Work task — Look through the records below, and copy out every line that holds the string "eqxx".

Dataset entries —
Lemma Ex2_Sing_ext (K : cpx) n (x y : Ex (Ex (Sing K)) n) :
  (forall k c j d a,
     (sval (sval x k c) j d : cmap _ _) a = (sval (sval y k c) j d : cmap _ _) a) ->
  x = y.
Proof.
move=> exy; apply: sig_eq.
apply: functional_extensionality_dep => k; apply: functional_extensionality => c.
apply: sig_eq; apply: functional_extensionality_dep => j.
apply: functional_extensionality => d; apply: cmap_eq.
exact: functional_extensionality.
Qed.

Lemma act_Ex2_const (K : cpx) (x0 : vert K) m n (t t' : Mono m n) :
  act t (Ex2_const x0 n) = act t' (Ex2_const x0 n).
Proof. exact: Ex2_Sing_ext. Qed.

Lemma card_ord_lt m k : k <= m -> #|[set x : 'I_m | x < k]| = k.
Proof.
move=> km; have -> : [set x : 'I_m | x < k] = widen_ord km @: 'I_k.
  apply/setP=> x; rewrite inE; apply/idP/imsetP=> [xk|[y _ ->]].
    by exists (Ordinal xk); last apply: val_inj.
  by rewrite /= ltn_ord.
by rewrite card_imset ?card_ord // => y z [] /val_inj.
Qed.

Lemma card_ord_geq m k : k <= m -> #|[set x : 'I_m | k <= x]| = m - k.
Proof.
move=> km; rewrite cardsCs card_ord.
have -> : ~: [set x : 'I_m | k <= x] = [set x : 'I_m | x < k].
  by apply/setP=> x; rewrite !inE -ltnNge.
by rewrite card_ord_lt.
Qed.

Definition top_chain_fun n : {ffun 'I_n.+1 -> {set 'I_n.+2}} :=
  [ffun i : 'I_n.+1 => [set x : 'I_n.+2 | x <= i + (val i == n)]].

Lemma top_chainP n : chainb (top_chain_fun n).
Proof.
apply/andP; split; apply/forallP=> i; rewrite ?ffunE.
  by apply/set0Pn; exists ord0; rewrite inE.
apply/forallP=> j; apply/implyP=> ij; rewrite !ffunE; apply/subsetP=> x.
rewrite !inE => /leq_trans; apply.
by have := ltn_ord j; case: (val i =P n); case: (val j =P n) => /=; lia.
Qed.

Definition top_chain n : Chain n.+1 n := exist _ (top_chain_fun n) (top_chainP n).

Lemma top_chain_max n : sval (top_chain n) ord_max = setT.
Proof. by apply/setP=> x; rewrite /= ffunE !inE eqxx addn1 -ltnS ltn_ord. Qed.

Lemma top_chain_inj n : injective (sval (top_chain n)).
Proof.
suff le_ij i j : sval (top_chain n) i \subset sval (top_chain n) j -> i <= j.
  by move=> i j eij; apply/val_inj/eqP; rewrite eqn_leq !le_ij ?eij.
rewrite /= !ffunE => /subsetP /(_ (inord (i + (val i == n)))).
rewrite !inE inordK ?leqnn; last by have := ltn_ord i; case: eqP; lia.
move=> /(_ isT); have := ltn_ord i.
by case: (val i =P n); case: (val j =P n) => /=; lia.
Qed.

Definition tail_chain_fun n : {ffun 'I_n.+1 -> {set 'I_n.+1}} :=
  [ffun a : 'I_n.+1 => [set i : 'I_n.+1 | n - a <= i]].

Lemma tail_chainP n : chainb (tail_chain_fun n).
Proof.
apply/andP; split; apply/forallP=> a; rewrite ?ffunE.
  by apply/set0Pn; exists ord_max; rewrite inE leq_subr.
apply/forallP=> b; apply/implyP=> ab; rewrite !ffunE; apply/subsetP=> i.
by rewrite !inE; apply: leq_trans; apply: leq_sub2l.
Qed.

Definition tail_chain n : Chain n n := exist _ (tail_chain_fun n) (tail_chainP n).

Lemma max_in_tail_chain n a : ord_max \in sval (tail_chain n) a.
Proof. by rewrite /= ffunE inE leq_subr. Qed.

Lemma card_tail_chain n a : #|sval (tail_chain n) a| = a.+1.
Proof. by rewrite /= ffunE card_ord_geq; have := ltn_ord a; lia. Qed.

Lemma setT_in_flag_top_tail n a : setT \in flag (top_chain n) (tail_chain n) a.
Proof. by rewrite -top_chain_max; apply: imset_f; apply: max_in_tail_chain. Qed.

Lemma card_flag_top_tail n a : #|flag (top_chain n) (tail_chain n) a| = a.+1.
Proof. by rewrite card_imset ?card_tail_chain //; apply: top_chain_inj. Qed.

Section LiftCone.
Variables (X Y : cpx) (p : cmap X Y) (n : nat) (v : cmap (Delta n) Y) (x0 : vert X).
Let S w := (exists i, v i = w) \/ w = p x0.
Hypotheses (hS : simp S) (fib_p : cpx_fib p).

Definition top_flag_label (F : {set {set 'I_n.+2}}) : vert Y :=
  if setT \in F then v (inord #|F|.-1) else p x0.

Lemma top_flag_labelS F : S (top_flag_label F).
Proof. by rewrite /top_flag_label; case: ifP => _; [left; eexists | right]. Qed.

Let y := Ex2_label hS top_flag_labelS.

Lemma face_top_flag_label (i : 'I_n.+2) :
  act (face i) y = Ex_map (Ex_map (Sing_map p)) n (Ex2_const x0 n).
Proof.
apply: Ex2_Sing_ext => k c j d a /=; rewrite /top_flag_label.
case: ifP => // /imsetP [l _]; rewrite ffunE => /setP /(_ i).
rewrite inE => /esym /imsetP [x _]; rewrite /mono_fun /= ffunE => ix.
by have := neq_lift i x; rewrite -ix eqxx.
Qed.

Lemma top_flag_label_top_tail a :
  top_flag_label (flag (top_chain n) (tail_chain n) a) = v a.
Proof.
by rewrite /top_flag_label setT_in_flag_top_tail card_flag_top_tail inord_val.
Qed.

Lemma cpx_fib_lift_cone : exists h : cmap (Delta n) X, forall a, p (h a) = v a.
Proof.
have [z [_ pz]] := fib_p (k := ord0) (fun _ _ _ _ _ t t' _ => act_Ex2_const x0 t t')
  (fun i _ => face_top_flag_label i).
exists (sval (sval z n (top_chain n)) n (tail_chain n)) => a.
rewrite -top_flag_label_top_tail.
exact: (f_equal (fun w => (sval (sval w n (top_chain n)) n (tail_chain n) : cmap _ _) a) pz).
Qed.

End LiftCone.

Definition mono_const m n (e : 'I_n.+1) : Mono m n.
Proof.
exists [ffun _ => e]; apply/forallP=> a; apply/forallP=> b; apply/implyP=> _.
by rewrite !ffunE.
Defined.

Lemma mono_constE m n (e : 'I_n.+1) a : mono_fun (mono_const m e) a = e.
Proof. by rewrite /mono_fun ffunE. Qed.

Lemma Sing_is_sset (K : cpx) : is_sset (Sing K).
Proof.
by split=> *; apply: cmap_eq; apply: functional_extensionality => a;
  rewrite /= /mono_fun ffunE.
Qed.

Definition Prop_sset : sset := @SSet (fun _ => Prop) (fun _ _ _ P => P).

Lemma Prop_sset_is_sset : is_sset Prop_sset.
Proof. by []. Qed.

Lemma Prop_sset_is_kan : is_kan Prop_sset.
Proof.
move=> n k P compat [] _.
have Pk i : i != k -> P i = P (lift k ord0).
  move=> ik; have k0k : lift k ord0 != k by rewrite eq_sym neq_lift.
  have [u ku _] := unlift_some ik; have [u0 ku0 _] := unlift_some k0k.
  by apply: (compat _ _ ik k0k 0 (mono_const 0 u) (mono_const 0 u0)) => a;
    rewrite !mono_constE -ku -ku0.
by exists (P (lift k ord0)); split=> // i /Pk.
Qed.

Definition smap_True (X : sset) : smap X Prop_sset :=
  @SMap X Prop_sset (fun _ _ => True) (fun _ _ _ _ => erefl).

Lemma homotopic_Prop_sset_vertex (X : sset) (h h' : smap X Prop_sset) :
  is_sset X -> homotopic h h' -> forall x : X 0, h 0 x = h' 0 x.
Proof.
move=> [act_id act_comp] [H hH] x.
(* Both ends of the homotopy at x are faces of the degenerate edge [w], and
   every face map of [Prop_sset] is the identity. *)
pose w : sprod sDelta1 X 1 := (mono_id 1, act (mono_const 1 ord0) x).
have Hw e : H 0 (const_mono 0 e, x) = H 1 w.
  transitivity (H 0 (act (const_mono 0 e) w)); last exact: sm_nat.
  congr (H 0 (_, _)).
    by apply: sig_eq; apply/ffunP => a; rewrite /= /mono_fun /= !ffunE.
  rewrite /= -act_comp -[LHS]act_id; congr act.
  by apply: sig_eq; apply/ffunP => a; rewrite /= /mono_fun /= !ffunE !ord1.
by have [<- <-] := hH 0 x; rewrite !Hw.
Qed.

Result —
Proof. by apply/setP=> x; rewrite /= ffunE !inE eqxx addn1 -ltnS ltn_ord. Qed.
by have := neq_lift i x; rewrite -ix eqxx.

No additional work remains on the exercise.